A male Northern Shoveler (Anas clypeata) in the wetlands in the centre of the preserve.
This Red-necked Phalarope (Phalaropus lobatus) was nearby. One of the things that was reinforced during this workshop was that despite my efforts to make my property bird-friendly, I also do things that are very bird-unfriendly. I heat my home with wood, which reduces the number of dead trees that so many species use to nest, and I have a “mosquito magnet” machine that greatly reduces the birds’ primary food source (but also makes my property more enjoyable for humans).
Muskoxen (Ovibos moschatus) are fascinating creatures – their ability to survive in some of the toughest climates on earth is amazing. They look a bit like bison (buffalo) and for that reason most people are very surprised by how small they are.
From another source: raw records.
(* If $G$ is a tightly closed graph on $[n]$, then $NC_G$ is graded.
   Context: Graphs are finite simple graphs with vertex set $[n]$; edges are written $ij$ with $i<j$. Two edges $a_1a_2$ and $b_1b_2$ cross if $a_1<b_1<a_2<b_2$ or $b_1<a_1<b_2<a_2$. A bond of $G$ is a spanning subgraph (identified with its edge set) each of whose connected components is an induced subgraph of $G$; it is noncrossing if there are no two distinct components with vertex sets $B,B'$ and $a,c\in B$, $b,d\in B'$, $a<b<c<d$. $NC_G$ is the poset of noncrossing bonds ordered by inclusion of edge sets. Two crossing edges $e,f$ are crossing closed if among all induced connected subgraphs of $G$ containing $e$ and $f$ there is a unique minimal one under containment, denoted $J(e,f)$; $G$ is crossing closed if all pairs of crossing edges are. $G$ is tightly closed if it is crossing closed and for all crossing edges $e,f$, $J(e,f)$ is a subgraph of $K_4$. *)

From mathcomp Require Import all_boot all_order.
Set Implicit Arguments. Unset Strict Implicit. Unset Printing Implicit Defensive.

(* Vertices [n] are represented by 'I_n = {0,...,n-1} (order-preserving shift).
   A graph / edge set is a set of pairs (i,j) with i < j. *)
Definition edgeset n := {set 'I_n * 'I_n}.
(* Let $r\in\mathbb{N}$, let $\mathbf{e}=(e_1,\ldots,e_r)\in\mathbb{Z}^r$, and suppose the Jordan totient quotient $J_{\mathbf e}$ has weight $w=\sum_{i=1}^r ie_i=0$. Then $\mathfrak{S}_{\mathbf e}>0$ and, for $x\ge 2$, \[ \sum_{n\le x}J_{\mathbf e}(n)=\mathfrak{S}_{\mathbf e}\,x+O_{\mathbf e}\big((\log x)^{|e_1|}\big). \]
   Context: Throughout, $p$ denotes a prime. For an integer $k\ge1$, the $k$-th Jordan totient is $J_k(n)=n^k\prod_{p\mid n}(1-p^{-k})$. For $\mathbf e=(e_1,\ldots,e_r)\in\mathbb{Z}^r$ the Jordan totient quotient is $J_{\mathbf e}(n)=\prod_{i=1}^r J_i(n)^{e_i}=n^w\prod_{p\mid n}\prod_{i=1}^r(1-p^{-i})^{e_i}$, where $w=\sum_i ie_i$ is its weight. Define $\mathfrak{S}_{\mathbf e}=\prod_p\left(1+\frac{J_{\mathbf e}(p)p^{-w}-1}{p}\right)$. *)

From Stdlib Require Import Reals ZArith Znumtheory Arith List Bool.
Open Scope R_scope.

Definition Rprod (l : list nat) (f : nat -> R) : R :=
  fold_right (fun p acc => f p * acc) 1 l.

Definition isprimeb (p : nat) : bool :=
  if prime_dec (Z.of_nat p) then true else false.

Definition primes_upto (N : nat) : list nat :=
  filter isprimeb (seq 0 (S N)).

Definition prime_divisors (n : nat) : list nat :=
  filter (fun p => isprimeb p && Nat.eqb (n mod p) 0) (seq 0 (S n)).

Definition jordan (k n : nat) : R :=
  INR n ^ k * Rprod (prime_divisors n) (fun p => 1 - / (INR p ^ k)).

Definition ecoef (e : list Z) (i : nat) : Z := nth (i - 1) e 0%Z.

Definition jtq (e : list Z) (n : nat) : R :=
  Rprod (seq 1 (length e)) (fun i => powerRZ (jordan i n) (ecoef e i)).

Definition weight (e : list Z) : Z :=
  fold_right (fun i acc => (Z.of_nat i * ecoef e i + acc)%Z) 0%Z (seq 1 (length e)).

Definition sing_factor (e : list Z) (p : nat) : R :=
  1 + (jtq e p * powerRZ (INR p) (- weight e) - 1) / INR p.

Definition sing_partial (e : list Z) (N : nat) : R :=
  Rprod (primes_upto N) (sing_factor e).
Woodland Caribou (Rangifer tarandus caribou) are well know for their curiosity, and that curiosity lends itself well to this educational environment. This female seemed to be as interested in us as we were in her.
The unique hoof and ankle structure of the caribou, as well as allowing them to walk on soft ground and dig through snow for food, makes a clicking sound as they walk.
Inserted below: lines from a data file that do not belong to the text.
(* Let $X\in\mathfrak{W}$. If $X(1)=0$ and $XL_{z_k}=L_{z_k}X$ on $\mathfrak{H}^1$ for every $k\ge1$, then $X=0$.
   Context: Let $\mathfrak{H}=\mathbb{Q}\langle x,y\rangle$, $\mathfrak{H}^1=\mathbb{Q}+\mathfrak{H}y$; $L_w(w')=ww'$; $z_k=x^{k-1}y$. The harmonic product $\ast$ on $\mathfrak{H}^1$ is the $\mathbb{Q}$-bilinear map with $1\ast w=w\ast1=w$ and $z_kw\ast z_lw'=z_k(w\ast z_lw')+z_l(z_kw\ast w')+z_{k+l}(w\ast w')$; $\mathcal{H}_w(v)=w\ast v$; $\mathfrak{W}$ is the $\mathbb{Q}$-span of the operators $\mathcal{H}_w$ ($w\in\mathfrak{H}^1$) on $\mathfrak{H}^1$. *)

From HB Require Import structures.
From mathcomp Require Import all_boot all_order all_algebra.
Set Implicit Arguments. Unset Strict Implicit. Unset Printing Implicit Defensive.
Import Order.TTheory GRing.Theory Num.Theory.
Local Open Scope ring_scope.

Definition letter := bool.
Definition lx : letter := false.
Definition ly : letter := true.
Definition word := seq letter.

(* z_k = x^(k-1) y  (meaningful for k >= 1) *)
Definition zletter (k : nat) : word := rcons (nseq k.-1 lx) ly.
Definition zword (ks : seq nat) : word := flatten (map zletter ks).

(* An element of H^1 is given by a finite formal Q-linear combination
   sum_i c_i z_{ks_i}, represented as a list of pairs (c_i, ks_i).
   Its coefficient on a word u of H = Q<x,y>: *)
Definition H1elt := seq (rat * seq nat).
Definition coef (p : H1elt) (u : word) : rat :=
  \sum_(t <- p) (if zword t.2 == u then t.1 else 0).
Definition eqH (p q : H1elt) : Prop := forall u : word, coef p u = coef q u.
(* well-formedness: all indices k >= 1, so the element lies in H^1 *)
Definition wfH1 (p : H1elt) : bool := all (fun t => all (leq 1) t.2) p.

Definition oneH : H1elt := [:: (1, [::])].
Definition zeroH : H1elt := [::].

Definition consT (a : nat) (p : H1elt) : H1elt := [seq (t.1, a :: t.2) | t <- p].

(* harmonic product of the words z_{s} and z_{t} *)
Fixpoint harm (s : seq nat) : seq nat -> H1elt :=
  match s with
  | [::] => fun t => [:: (1, t)]
  | a :: s' => fix harm_t (t : seq nat) : H1elt :=
      match t with
      | [::] => [:: (1, s)]
      | b :: t' => consT a (harm s' t) ++ consT b (harm_t t')
                   ++ consT (a + b)%N (harm s' t')
      end
  end.

Definition hprod (p q : H1elt) : H1elt :=
  flatten [seq [seq (t.1 * u.1 * e.1, e.2) | e <- harm t.2 u.2] | t <- p, u <- q].

Definition Hop (w : H1elt) (v : H1elt) : H1elt := hprod w v.

(* An element of frak W: Q-linear combination sum_i c_i H_{w_i},
   represented as a list of pairs (c_i, w_i). *)
Definition Wop := seq (rat * H1elt).
Definition Wapp (X : Wop) (v : H1elt) : H1elt :=
  flatten [seq [seq (i.1 * e.1, e.2) | e <- Hop i.2 v] | i <- X].
Definition wfW (X : Wop) : bool := all (fun i => wfH1 i.2) X.

Definition Lz (k : nat) (v : H1elt) : H1elt := consT k v.

From mathcomp Require Import all_boot all_order all_algebra.
Import GRing.Theory.
Local Open Scope ring_scope.

(* Elements of H^1 are finite Q-linear combinations of the
   monomials z_{k_1} ... z_{k_r} (k_i >= 1), and every X in W acts linearly.
   Hence it suffices to show that X kills every such monomial, which goes by
   induction on r: X(1) = 0 by hypothesis, and
     X(z_k w) = X (L_{z_k} w) = L_{z_k} (X w) = L_{z_k} 0 = 0.
   The file first computes the coefficients of the list-based operations
   (concatenation, scaling, harmonic product, application of X and of L_{z_k}),
   derives from them that X is linear and that L_{z_k} maps 0 to 0, then
   proves the monomial statement by induction and concludes by linearity. *)

Lemma coef_flatten (ss : seq H1elt) (u : word) :
  coef (flatten ss) u = \sum_(s <- ss) coef s u.
Proof. by rewrite /coef big_flatten. Qed.

Lemma coef_scale (c : rat) (s : H1elt) (u : word) :
  coef [seq (c * e.1, e.2) | e <- s] u = c * coef s u.
Proof.
rewrite /coef big_map mulr_sumr; apply: eq_bigr => e _ /=.
by case: ifP; rewrite ?mulr0.
Qed.

Lemma coef_hprod (p q : H1elt) (u : word) :
  coef (hprod p q) u =
  \sum_(t <- p) \sum_(w <- q) t.1 * w.1 * coef (harm t.2 w.2) u.
Proof.
rewrite /hprod coef_flatten big_flatten /= big_map; apply: eq_bigr => t _.
by rewrite big_map; apply: eq_bigr => w _; rewrite coef_scale.
Qed.

Lemma coef_hprod_linear (p q : H1elt) (u : word) :
  coef (hprod p q) u = \sum_(w <- q) w.1 * coef (hprod p [:: (1, w.2)]) u.
Proof.
rewrite coef_hprod exchange_big /=; apply: eq_bigr => w _.
rewrite coef_hprod mulr_sumr; apply: eq_bigr => t _.
by rewrite big_seq1 /= mulr1 mulrA [w.1 * _]mulrC.
Qed.

Lemma coef_Wapp (X : Wop) (v : H1elt) (u : word) :
  coef (Wapp X v) u = \sum_(i <- X) i.1 * coef (hprod i.2 v) u.
Proof.
rewrite /Wapp coef_flatten big_map; apply: eq_bigr => i _.
by rewrite coef_scale.
Qed.

Lemma coef_Wapp_linear (X : Wop) (v : H1elt) (u : word) :
  coef (Wapp X v) u = \sum_(w <- v) w.1 * coef (Wapp X [:: (1, w.2)]) u.
Proof.
under [RHS]eq_bigr => w _ do rewrite coef_Wapp mulr_sumr.
rewrite coef_Wapp exchange_big /=; apply: eq_bigr => i _.
rewrite coef_hprod_linear mulr_sumr; apply: eq_bigr => w _.
by rewrite mulrCA.
Qed.

Lemma cat_eq_split (a w u : word) :
  (a ++ w == u) = (take (size a) u == a) && (w == drop (size a) u).
Proof.
apply/eqP/andP => [<-|[/eqP Ha /eqP Hw]].
  by rewrite take_size_cat // drop_size_cat.
by rewrite -(cat_take_drop (size a) u) Ha Hw.
Qed.

Lemma coef_consT (a : nat) (p : H1elt) (u : word) :
  coef (consT a p) u =
  if take (size (zletter a)) u == zletter a
  then coef p (drop (size (zletter a)) u) else 0.
Proof.
rewrite /coef /consT big_map.
case: ifP => Hpre; last by rewrite big1 // => t _; rewrite /= cat_eq_split Hpre.
by apply: eq_bigr => t _; rewrite /= cat_eq_split Hpre.
Qed.

Lemma Lz_zero (a : nat) (p : H1elt) : eqH p zeroH -> eqH (Lz a p) zeroH.
Proof.
by move=> p0 u; rewrite /Lz coef_consT p0 /coef /zeroH !big_nil if_same.
Qed.

Section VanishingOnMonomials.

Variable X : Wop.
Hypothesis X_one : eqH (Wapp X oneH) zeroH.
Hypothesis X_comm : forall k : nat, (1 <= k)%N -> forall v : H1elt, wfH1 v ->
  eqH (Wapp X (Lz k v)) (Lz k (Wapp X v)).

Lemma Wapp_monomial_zero (ks : seq nat) :
  all (leq 1) ks -> eqH (Wapp X [:: (1, ks)]) zeroH.
Proof.
elim: ks => [_|a ks IH /andP [a_pos ks_pos]]; first exact: X_one.
have mono_wf : wfH1 [:: (1, ks)] by rewrite /wfH1 /= andbT.
move=> u; rewrite -[[:: _]]/(Lz a [:: (1, ks)]) (X_comm _ a_pos _ mono_wf).
exact: Lz_zero (IH ks_pos) u.
Qed.

End VanishingOnMonomials.

(* By linearity, X vanishes on all of H^1. *)
Theorem mainTheorem15 (X : Wop) (hX : wfW X) :
  eqH (Wapp X oneH) zeroH ->
  (forall k : nat, (1 <= k)%N -> forall v : H1elt, wfH1 v ->
     eqH (Wapp X (Lz k v)) (Lz k (Wapp X v))) ->
  forall v : H1elt, wfH1 v -> eqH (Wapp X v) zeroH.
Proof.
move=> X_one X_comm v /allP v_wf u.
rewrite coef_Wapp_linear [RHS]/coef big_nil big_seq big1 // => w w_in_v.
have X_w := @Wapp_monomial_zero X X_one X_comm _ (v_wf w w_in_v).
by rewrite X_w /coef big_nil mulr0.
Qed.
All 3 of the Canada Lynx (Lynx canadensis) were off in shady spots out of the hot sun (well, hot for us – it hit 24°C, 75°F). They’re much more active in the winter.
The Arctic foxes (Alopex lagopus) are just beginning to change to their summer grey colour.
The Mountain Goats (Oreamnos americanus) tend to keep their distance from the road that passes by their cliff habitat.
Population control is a major issue that the preserve is dealing with, and the only baby mountain goats we saw this year were on the interpretive sign.
The Wood Bison (Bison bison athabascae) were in a shady forest when we went by their enclosure the first time but were out in the sun as we neared the end of our walk. Weighing about a ton, this bull is a good example of the species that is the largest mammal in North America.
The workshop ended just after 4:00pm. It had been an extremely productive day, and I came away feeling that it had accomplished its purpose. This last photo shows the brochures that I picked up, some of the ones available at the Environment Yukon Web site, at their office on Burns Road in Whitehorse and at Visitor Reception Centres around the territory.